Prospect Profile: Anthony Davis

What better player to kick off our "Prospect Profile" series than the 2012 NBA Draft's consensus number one overall pick?  As we noted earlier today, Anthony Davis was named AP Player of the Year.  While the Kentucky big man has not yet officially declared for the draft, it's hard to imagine his draft stock getting any higher.  Davis leads the Wildcats into the Final Four tomorrow against Rick Pitino's Louisville Cardinals. 

Labeling Davis as "long" is almost misleading.  Seemingly every draft prospect with size gets that label these days.  Davis defines long.  He is 6-foot-10, but he has a 7-foot-6 wingspan.  Davis just turned 19, and in only his freshman year at Kentucky, has averaged 4.6 blocks-per-game.  That is not a typo.  In addition to his length, Davis is incredibly athletic and agile for someone his height.  He can cover ground quickly and once he gets there, he is a quick (and excellent) leaper who has showed good shot-blocking instincts.  For the same reasons, Davis excels as a rebounder as well.  Defensively, he is a game-changing talent.

There is plenty to get excited about with Davis on the offensive end too.  His athleticism and length  makes him an ideal target for entry passes or alley oops and most importantly, he is very coordinated.  Davis was a 6-foot-3 guard at age 16, and the early development of those skills is evident.  Davis has a good looking shot and can hit from three.  His handle and passing are light years ahead of what you would expect from someone who averages nearly 5 blocks-per-game.  He is truly a unique talent. 

Davis has drawn comparisons to Marcus Camby, which is understable given his propensity for blocking shots.  But as Rick Bonnell of the Charlotte Observer notes, some people, including Davis, can see him developing into a shot blocking version of Kevin Durant.  Are you starting to understand why there is little debate as to who will go number one overall?  Here is what Davis said regarding the Durant comparisons:

"He plays how I play – go in the post, shoot the ball, dribble.  I love the way he plays: Not afraid of anything and takes on all challenges. That’s the mark of a great player.”

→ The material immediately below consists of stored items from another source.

(* Let $\tau$ be a substitution over a finite alphabet $A$. Then $\overline\tau$ induces a well-defined map on the Besicovitch space (i.e. $\mathfrak d_H(x,y)=0$ implies $\mathfrak d_H(\overline\tau(x),\overline\tau(y))=0$ for all $x,y\in A^{\mathbb N}$) if and only if $\overline\tau$ is $1$-Lipschitz with respect to $\mathfrak d_H$, i.e. $\mathfrak d_H(\overline\tau(x),\overline\tau(y))\le\mathfrak d_H(x,y)$ for all $x,y\in A^{\mathbb N}$.
   Context: A substitution is a nonerasing monoid morphism $\tau:A^*\to A^*$ (so $\tau(a)$ is a nonempty word for each letter $a$), and $\overline\tau:A^{\mathbb N}\to A^{\mathbb N}$ is $\overline\tau(z)=\tau(z_0)\tau(z_1)\tau(z_2)\cdots$. For words $u,v$ of equal length, $d_H(u,v)$ is the number of positions where they differ; the Besicovitch pseudo-metric is $\mathfrak d_H(x,y)=\limsup_{l\to\infty}\frac{d_H(x_{[0,l)},y_{[0,l)})}{l}$, where $x_{[0,l)}=x_0\cdots x_{l-1}$. *)

From HB Require Import structures.
From mathcomp Require Import all_boot all_order all_algebra.
From mathcomp Require Import all_classical all_reals all_analysis.
Set Implicit Arguments. Unset Strict Implicit. Unset Printing Implicit Defensive.
Import Order.TTheory GRing.Theory Num.Theory.
Local Open Scope ring_scope.

Definition substitution (A : finType) (tau : A -> seq A) : Prop :=
  forall a : A, (0 < size (tau a))%N.

(* tau-bar(z) = tau(z_0) tau(z_1) ... ; position n lies inside the first n+1
   blocks (each block nonempty), default letter is irrelevant then. *)
Definition subst_seq (A : finType) (tau : A -> seq A) (z : nat -> A) : nat -> A :=
  fun n => nth (z 0%N) (flatten [seq tau (z i) | i <- iota 0 n.+1]) n.

Definition hamming_prefix (A : finType) (x y : nat -> A) (l : nat) : nat :=
  count (fun i => x i != y i) (iota 0 l).

(* Besicovitch pseudo-metric: limsup_{l -> oo} d_H(x_[0,l), y_[0,l)) / l,
   (index l = n.+1 to avoid l = 0), as an extended real. *)
Definition besicovitch (R : realType) (A : finType) (x y : nat -> A) : \bar R :=
  limn_esup (fun n : nat => ((hamming_prefix x y n.+1)%:R / (n.+1)%:R : R)%:E).

From HB Require Import structures.
From mathcomp Require Import all_boot all_order all_algebra.
From mathcomp Require Import all_classical all_reals all_analysis.
From mathcomp Require Import zify ring.
Import Order.TTheory GRing.Theory Num.Theory.
Set Implicit Arguments. Unset Strict Implicit. Unset Printing Implicit Defensive.

(* If every letter has an image of the same length k, the images of x and y
   can only differ in the blocks of positions [i k, (i + 1) k) with x_i <> y_i,
   so the mismatch densities compare directly and the map is 1-Lipschitz.
   Otherwise pick letters a, b with |tau a| < |tau b| and let
   d = |tau b| - |tau a|. For a periodic z, the sequences a z and b z are at
   distance 0, hence so are tau(a) tau(z) and tau(b) tau(z). As tau(z) is
   periodic, a single position n with tau(z)(n + d) <> tau(z)(n) would recur
   periodically and give these two images a positive distance: so tau(z) is
   d-periodic. Applied to the constant sequences and to (c^d e^d)^omega this
   gives tau(c^omega) = tau(e^omega) for all letters c, e, and then, block by
   block, the image of every sequence is tau(a^omega). A constant map is
   1-Lipschitz. The converse implication holds since the distance is >= 0. *)

Definition periodic (T : Type) (w : nat -> T) (p : nat) := forall n, w (n + p) = w n.

Lemma periodicM (T : Type) (w : nat -> T) p j : periodic w p -> periodic w (j * p).
Proof. by move=> wp n; elim: j => [|j IH]; rewrite ?addn0 // mulSnr addnA wp. Qed.

Lemma eq_periodic (T : Type) (u v : nat -> T) p : 0 < p -> periodic u p -> periodic v p ->
  (forall n, n < p -> u n = v n) -> u =1 v.
Proof.
move=> p_gt0 up vp uv n; rewrite (divn_eq n p) addnC.
by rewrite (periodicM _ up) (periodicM _ vp) uv ?ltn_pmod.
Qed.

Section SubstitutionWords.
Variables (A : finType) (tau : A -> seq A).
Implicit Types z : nat -> A.

Definition subst_prefix z m := flatten [seq tau (z i) | i <- iota 0 m].

Lemma subst_prefixD z m k :
  subst_prefix z (m + k) = subst_prefix z m ++ subst_prefix (fun i => z (m + i)) k.
Proof.
rewrite /subst_prefix iotaD map_cat flatten_cat add0n.
by rewrite -[m in iota m k]addn0 iotaDl -map_comp.
Qed.

Lemma subst_prefixS z m : subst_prefix z m.+1 = subst_prefix z m ++ tau (z m).
Proof. by rewrite -addn1 subst_prefixD /subst_prefix /= cats0 addn0. Qed.

Lemma size_subst_prefix_const z m k : (forall i, i < m -> size (tau (z i)) = k) ->
  size (subst_prefix z m) = m * k.
Proof.
elim: m => [//|m IH] size_k; rewrite subst_prefixS size_cat IH ?size_k ?mulSnr // => i im.
by apply: size_k; apply: ltnW.
Qed.

Lemma eq_subst_prefix z z' m : (forall i, i < m -> z i = z' i) ->
  subst_prefix z m = subst_prefix z' m.
Proof.
move=> zz'; congr flatten; apply/eq_in_map => i.
by rewrite mem_iota => /andP[_ /zz' ->].
Qed.
(* Let $(V,D)$ be a smooth projective toric surface with toric boundary $D$, and let $\iota$ be a nonsymplectic involution of $(V,D)$, i.e. an involution of $V$ normalizing the torus $(\mathbb{C}^* )^2\subset V$ whose induced action on the cocharacter lattice $N\cong\mathbb{Z}^2$ has determinant $-1$. Assume the fixed locus $V^\iota$ contains no torus-fixed point of $V$. Then $V$ admits a toric morphism $\pi\colon V\to\mathbb{P}^1$ with general fiber $\mathbb{P}^1$ and with two torus-invariant sections $s_1,s_2$, which commutes with a nontrivial involution of the base $\mathbb{P}^1$, and exactly one of the following holds: (E0) $V^\iota$ consists of four points, two on each $s_i$; (E1) $V^\iota$ is a fiber of $\pi$ together with two points, one on each $s_i$; (E2) $V^\iota$ is the union of two fibers of $\pi$. Moreover, the fan of $V$ is an $\iota$-invariant subdivision of the fan of a Hirzebruch surface $\mathbb{F}_n$, with $n$ even in cases (E0) and (E2) and $n$ odd in case (E1).
   Context: Standard toric geometry; $\mathbb{F}_n$ denotes the Hirzebruch surface $\mathbb{P}(\mathcal{O}\oplus\mathcal{O}(n))$ over $\mathbb{P}^1$. *)

From mathcomp Require Import all_boot all_algebra.
From mathcomp Require Import reals complex.
Set Implicit Arguments.
Unset Strict Implicit.
Unset Printing Implicit Defensive.
Import GRing.Theory Num.Theory.
Local Open Scope ring_scope.
Lemma norm2D_sqr u v : norm2 (u + v) ^+ 2 = norm2 u ^+ 2 + 2 * dot u v + norm2 v ^+ 2.
Proof. by rewrite !norm2_sqr !(dotDl, dotDr) (dotC v u); ring. Qed.

Lemma norm2B_sqr u v : norm2 (u - v) ^+ 2 = norm2 u ^+ 2 - 2 * dot u v + norm2 v ^+ 2.
Proof. by rewrite !norm2_sqr !(dotBl, dotBr) (dotC v u); ring. Qed.

Lemma ler_norm2D u v : norm2 (u + v) <= norm2 u + norm2 v.
Proof.
apply: norm2_le_sqr; first by rewrite addr_ge0 ?norm2_ge0.
by rewrite norm2D_sqr; have := cauchy_schwarz u v; nra.
Qed.

Lemma norm2Z k v : norm2 (k *: v) = `|k| * norm2 v.
Proof. by rewrite !norm2E dotZl dotZr mulrA -expr2 sqrtrM ?sqr_ge0 // sqrtr_sqr. Qed.

Lemma norm2_shift_sqr w k v :
  norm2 (w + k *: v) ^+ 2 = norm2 w ^+ 2 + 2 * k * dot w v + k ^+ 2 * norm2 v ^+ 2.
Proof. by rewrite norm2D_sqr dotZr norm2Z exprMn real_normK ?num_real // mulrA. Qed.

Lemma norm2N v : norm2 (- v) = norm2 v.
Proof. by rewrite -scaleN1r norm2Z normrN normr1 mul1r. Qed.

Lemma norm2_distC u v : norm2 (u - v) = norm2 (v - u).
Proof. by rewrite -norm2N opprB. Qed.

Lemma ler_norm2_distD u v w : norm2 (u - w) <= norm2 (u - v) + norm2 (v - w).
Proof. by have := ler_norm2D (u - v) (v - w); rewrite addrA subrK. Qed.

Lemma ler_norm2_dist_dist u v : `|norm2 u - norm2 v| <= norm2 (u - v).
Proof.
have := ler_norm2_distD u v 0; have := ler_norm2_distD v u 0.
rewrite !subr0 (norm2_distC v u) => vu uv.
by rewrite ler_norml; apply/andP; split; lra.
Qed.

Lemma mx_norm_le_norm2 v : `|v| <= norm2 v.
Proof.
rewrite [leLHS]mx_normrE; apply/bigmax_leP; split => [|[i j] _ /=]; first exact: norm2_ge0.
rewrite (ord1 i) ler_norm2_sqr // real_normK ?num_real // norm2_sqr.
by rewrite /dot (bigD1 j) //= -expr2 lerDl sumr_ge0 // => k _; rewrite -expr2 sqr_ge0.
Qed.

Lemma norm2_le_mx_norm v : norm2 v <= D.+1%:R * `|v|.
Proof.
apply: norm2_le_sqr; first by rewrite mulr_ge0.
have coord_le i : v ord0 i * v ord0 i <= `|v| ^+ 2.
  rewrite -expr2 -real_normK ?num_real // lerXn2r ?nnegrE //.
  by rewrite [leRHS]mx_normrE (le_bigmax _ _ (ord0, i)).
rewrite norm2_sqr (le_trans (ler_sum _ (fun i _ => coord_le i))) //.
rewrite sumr_const card_ord exprMn -[_ *+ D]mulr_natl.
by apply: ler_wpM2r; [exact: sqr_ge0 | rewrite -natrX ler_nat; lia].
Qed.

Lemma penalty_descent y z b b' v (c tau : R) : c *: (z - b) - (z - y) = v -> v != 0 ->
  0 < c -> c <= 1/2 -> 0 < tau -> tau <= 1/2 -> norm2 (b' - b) < norm2 v / 4 ->
  norm2 (z + tau *: v - y) ^+ 2 - c * norm2 (z + tau *: v - b') ^+ 2 <
  norm2 (z - y) ^+ 2 - c * norm2 (z - b') ^+ 2.
Proof.
move=> v_def v0 c0 c_le tau0 tau_le b'b; set N := norm2 v ^+ 2.
have N_gt0 : 0 < N by rewrite exprn_gt0 ?norm2_gt0.
have shift w : norm2 (z + tau *: v - w) ^+ 2 =
    norm2 (z - w) ^+ 2 + 2 * tau * dot (z - w) v + tau ^+ 2 * N.
  by rewrite addrAC norm2_shift_sqr.
have dot_split : dot (z - y) v = c * dot (z - b') v + c * dot (b' - b) v - N.
  have -> : z - y = c *: (z - b') + c *: (b' - b) - v.
    by rewrite -v_def; apply/rowP => i; rewrite !mxE; ring.
  by rewrite (dotBl _ v) (dotDl (c *: _)) !dotZl /N norm2_sqr.
have b'b_dot : dot (b' - b) v <= N / 4.
  apply: le_trans (cauchy_schwarz _ _) _.
  by rewrite /N expr2 mulrAC; apply: ler_wpM2r; rewrite ?norm2_ge0 ?ltW.
rewrite !shift dot_split.
have ch : c * dot (b' - b) v <= N / 8.
  by apply: le_trans (ler_wpM2l (ltW c0) b'b_dot) _; nra.
have ctau : (1 - c) * tau <= 1 / 2 by have := mulr_gt0 c0 tau0; lra.
have := ler_wpM2l (ltW tau0) ch; have := ler_wpM2r (ltW (mulr_gt0 tau0 N_gt0)) ctau.
have := mulr_gt0 tau0 N_gt0; lra.
Qed.

Lemma lipschitz_continuous (f : V -> R) k : 0 <= k ->
  (forall u v, `|f u - f v| <= k * norm2 (u - v)) -> continuous f.
Proof.
move=> k0 f_lip x; apply/(cvgrPdist_lt (FF := nbhs_filter x)) => e e0.
set K := (k + 1) * D.+1%:R; have K0 : 0 < K by rewrite mulr_gt0 ?ltr0n //; lra.
have /cvgrPdist_lt /(_ (e / K) (divr_gt0 e0 K0)) : (fun t : V => t) @ x --> x := cvg_id.
apply: filterS => t /= xt.
apply: (le_lt_trans (f_lip x t)); apply: (le_lt_trans (ler_wpM2l k0 (norm2_le_mx_norm _))).
apply: (@le_lt_trans _ _ (K * `|x - t|)); first by rewrite -mulrA ler_wpM2r ?mulr_ge0 //; lra.
by rewrite -ltr_pdivlMl // mulrC.
Qed.

End Euclid.

Section Distance.
Context {R : realType} {D : nat}.
Local Notation V := 'rV[R]_D.
Implicit Types (a b u v w z : V).

Lemma norm2_dist_continuous v : continuous (fun z => norm2 (z - v)).
Proof.
apply: (lipschitz_continuous _ 1) => // u w; rewrite mul1r.
by have := ler_norm2_dist_dist (u - v) (w - v); rewrite opprB addrA subrK.
Qed.

Lemma closed_norm2_le v (r : R) : closed [set z | norm2 (z - v) <= r].
Proof.
exact: (@preimage_closed _ _ (fun z => norm2 (z - v)) [set x : R | x <= r]
  (fun z _ => norm2_dist_continuous v z) (@closed_le R r)).
Qed.

Lemma closed_norm2_ge v (r : R) : closed [set z | r <= norm2 (z - v)].
Proof.
exact: (@preimage_closed _ _ (fun z => norm2 (z - v)) [set x : R | r <= x]
  (fun z _ => norm2_dist_continuous v z) (@closed_ge R r)).
Qed.

Lemma compact_norm2_bounded (K : set V) v (r : R) :
  closed K -> K `<=` [set z | norm2 (z - v) <= r] -> compact K.
Proof.
move=> Kcl Kr; apply: bounded_closed_compact => //.
exists (norm2 v + r); split; first exact: num_real.
move=> m m_gt z /Kr /= zr; apply: (le_trans (mx_norm_le_norm2 z)); apply/ltW/(le_lt_trans _ m_gt).
by have := ler_norm2_distD z v 0; rewrite !subr0; lra.
Qed.

(* [fine] sends the distance [+oo] to the empty set to [0]. *)
Definition rdist (A : set V) z : R := fine (dist z A).

Variable A : set V.

Lemma dist_ge0 z : (0 <= dist z A)%E.
Proof. by apply: le_ereal_inf_tmp => _ [a _ <-]; rewrite lee_fin norm2_ge0. Qed.

Lemma dist_le_norm2 z a : A a -> (dist z A <= (norm2 (z - a))%:E)%E.
Proof. by move=> Aa; apply: ereal_inf_lbound; exists a. Qed.

Lemma dist_rdist z a : A a -> dist z A = (rdist A z)%:E.
Proof.
move=> Aa; rewrite /rdist fineK // ge0_fin_numE ?dist_ge0 //.
by apply: (le_lt_trans (dist_le_norm2 z _ Aa)); rewrite ltry.
Qed.

Lemma rdist_ge0 z : 0 <= rdist A z.
Proof. exact/fine_ge0/dist_ge0. Qed.

Lemma rdist_le_norm2 z a : A a -> rdist A z <= norm2 (z - a).
Proof. by move=> Aa; rewrite -lee_fin -(dist_rdist z _ Aa) dist_le_norm2. Qed.

Lemma rdist_ge z a0 (m : R) : A a0 -> (forall a, A a -> m <= norm2 (z - a)) -> m <= rdist A z.
Proof.
move=> Aa0 m_le; rewrite -lee_fin -(dist_rdist z _ Aa0).
by apply: le_ereal_inf_tmp => _ [a Aa <-]; rewrite lee_fin m_le.
Qed.

Lemma rdist_lipschitz z w a0 : A a0 -> rdist A z <= rdist A w + norm2 (z - w).
Proof.
move=> Aa0; rewrite -lerBlDr; apply: (rdist_ge w _ _ Aa0) => a Aa.
rewrite lerBlDr addrC; exact: le_trans (rdist_le_norm2 z _ Aa) (ler_norm2_distD z w a).
Qed.

Lemma rdist_continuous a0 : A a0 -> continuous (rdist A).
Proof.
move=> Aa0; apply: (lipschitz_continuous _ 1) => // u v; rewrite mul1r ler_norml.
have := rdist_lipschitz u v _ Aa0; have := rdist_lipschitz v u _ Aa0; rewrite (norm2_distC v u).
by move=> vu uv; apply/andP; split; lra.
Qed.

Lemma rdist_nearest z b : nearest A z b -> rdist A z = norm2 (z - b).
Proof.
by move=> [Ab b_min]; apply: le_anti; rewrite rdist_le_norm2 //= (rdist_ge z _ _ Ab b_min).
Qed.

Former NBAer and Kentucky star Jamal Mashburn, who has gotten a close look at Davis calling Wildcats' games on the radio, had the following to say:

“The way he shoots, the way he passes – he throws alley-oops. You don’t teach that.  The NBA game has really changed. You only have one dominant center (Dwight Howard). You see more of the Kevin Garnetts and Dirk Nowitzkis dominate the game. A guy like Anthony Davis fits that mold.”

So what exactly are Davis' weaknesses?  There aren't many.  If he truly wants to be more than just an interior presence in the NBA as the Durant comparisons suggest, he will obviously have to continue to develop his perimeter game and jumper.  His post game could use some polish as well, as his overwhelming athleticism masks some of his deficiencies in the college game.  Without those two things, it will be tough for him to be a go-to type scorer at the next level.  But with his dominance on defense, that would hardly stop him from being an elite player. 

The knock on Davis is his size.  He is listed at 220 pounds and at 6-foot-10, that is rail thin.  He will have to bulk up to bang with NBA big men but his frame seems big enough to do so.  The question is, if he does so, will he be less able to play on the perimeter?  Finding that balance between ideal size and style of play is the big question for Davis heading towards June's draft.  And it may be the only one.